Symbolism, Imagery, Allegory

You know it, you love it, you splash around in it on hot summer days (even after having seen Jaws). We're talking about the saltiest symbol around: the sea.

Since the first humans could sit around and think Deep Thoughts, they've been doing so within view of the nearest body of water. (Although the open desert or prairie ain't bad, either.) And ever since they started writing—well, just take a look at this list of sea-obsessed titles:

The Old Man and the Sea
The Waves

The Wide Sargasso Sea

Twenty Thousand Leagues Under the Sea

Not to mention Jack London's The Sea Wolf, Iris Murdoch's The Sea, The Sea, Edgar Allan Poe's "The City in the Sea"…

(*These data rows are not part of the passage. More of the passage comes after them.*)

Lemma cross_cut_pair_mixed (a b : 'I_n -> bool) :
  mixed a -> mixed b -> 4 <= cross_cut a b + cross_cut b a.
Proof.
move=> ma mb; rewrite cross_cut_pairE big_split /=.
pose c i := a i != b i.
pose W := \sum_i ((a i != b (ordS i)) + (a (ordS i) != b i)).
pose D := weight (fun i => c i && c (ordS i)).
have xorW : switches c <= W.
  apply: leq_sum => i _; rewrite /c.
  by case: (a i); case: (b i); case: (a (ordS i)); case: (b (ordS i)).
have abW : switches a + switches b <= W + 2 * D.
  rewrite /switches -big_split /D /weight big_distrr -big_split /=; apply: leq_sum => i _.
  by rewrite /c; case: (a i); case: (b i); case: (a (ordS i)); case: (b (ordS i)).
have cD : weight c = D + weight (fun i => c i && ~~ c (ordS i)).
  by rewrite /D /weight -big_split; apply: eq_bigr => i _; case: (c i); case: (c (ordS i)).
have := switches_ge2 ma; have := switches_ge2 mb.
rewrite -/W -[\sum_i (a i != b i : nat)]/(weight c).
case: (boolP (mixed c)) => [mc | /not_mixed [c1 | c0]].
- have := switches_ge2 mc; case/andP: (mc) => /exists_switch /[apply] -[k ck].
  have : 0 < weight (fun i => c i && ~~ c (ordS i)) by apply/weight_gt0/existsP; exists k.
  lia.
- have cn : weight c = n by rewrite -weight_true; apply: eq_bigr => i _; rewrite c1.
  have [n_gt3 | n_le3] := ltnP 3 n; first lia.
  have [i eq_ai] : exists i, a i == a (ordS i) by apply: exists_ordS_eq3; lia.
  have : 0 < W.
    rewrite /W (bigD1 i) //= addn_gt0; apply/orP; left; rewrite addn_gt0.
    move: (c1 (ordS i)) eq_ai; rewrite /c.
    by case: (a i); case: (a (ordS i)); case: (b (ordS i)).
  lia.
- have D0 : D = 0 by rewrite /D /weight big1 // => i _; rewrite (negbTE (c0 i)).
  lia.
Qed.

Lemma cross_cut_pair_mixedl (a b : 'I_n -> bool) : mixed a -> 3 <= cross_cut a b + cross_cut b a.
Proof.
move=> ma; have [mb | /not_mixed [b1 | b0]] := boolP (mixed b).
- exact: leq_trans (cross_cut_pair_mixed ma mb).
- have := weight_gt0 (a := fun i => ~~ a i); case/andP: ma => _ a0 /(_ a0).
  rewrite (cross_cut_fulll a b1); lia.
- rewrite (cross_cut_emptyr a b0); case/andP: ma => /weight_gt0; lia.
Qed.

Lemma sum_cycle_nbr (P : 'I_n -> bool) i :
  \sum_j (P j && ((j == ordS i) || (j == ord_pred i)) : nat) = P (ordS i) + P (ord_pred i).
Proof.
rewrite (bigD1 (ordS i)) //= eqxx andbT (bigD1 (ord_pred i)) /=; last first.
  by rewrite eq_sym ordS_neq_ord_pred.
rewrite eqxx orbT andbT big1 ?addn0 // => j /andP[jS jP].
by rewrite (negbTE jS) (negbTE jP) andbF.
Qed.

Lemma sum_closed_nbr (P : 'I_n -> bool) i :
  \sum_j (P j && [|| j == i, j == ordS i | j == ord_pred i] : nat) =
  P i + P (ordS i) + P (ord_pred i).
Proof.
rewrite (bigD1 i) //= eqxx andbT -addnA -sum_cycle_nbr; congr (_ + _).
rewrite [RHS](bigD1 i) //=.
rewrite [i == ordS i]eq_sym [i == ord_pred i]eq_sym ordS_neq ord_pred_neq andbF add0n.
by apply: eq_bigr => j ji; rewrite (negbTE ji).
Qed.

End CycleOrdinal.

Lemma card_set_sum (U : finType) (P : pred U) : #|[set u | P u]| = \sum_u (P u : nat).
Proof. by rewrite -sum1dep_card big_mkcond; apply: eq_bigr => u _; case: (P u). Qed.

…you get the point. And this is because the symbolism associated with the sea is as deep as, well,  the sea itself.

So it's no shocker that the sea weighs in as the heftiest symbol around in a book called The Great Wide Sea.

Now You Sea Me, Now You Don't

When Christine Byron dies in a car accident, her family feels lost in their grief. You might even say they're adrift—hey-o. The Byrons flee their normal lives and take to the sea, which we can read as a symbol of life. The waves can be calm and soothing, but they can also cause trouble—sometimes without warning.

Usually, when you're steering a boat, it's like steering a car—you aim yourself in the right direction and move the tiller a little this way or that way to keep on course. Occasionally, a stronger puff of wind or a sudden wave pushes you off—like a bump on the road or a car that swings too far into your lane. But you correct. You get back on course. (26.5)

That's sort of how life works, too. Your day-to-day activities are smooth and steady until a shakeup comes along. Sometimes that shakeup is minor, like failing a test. Sometimes it's something serious, like your mom dying.

Ben's emotional journey is about trying to get back on course after his mother's death. The waves have been throwing him and his family around, both literally and figuratively. At the end of the story, he returns to dry land, symbolizing that his life is back on track.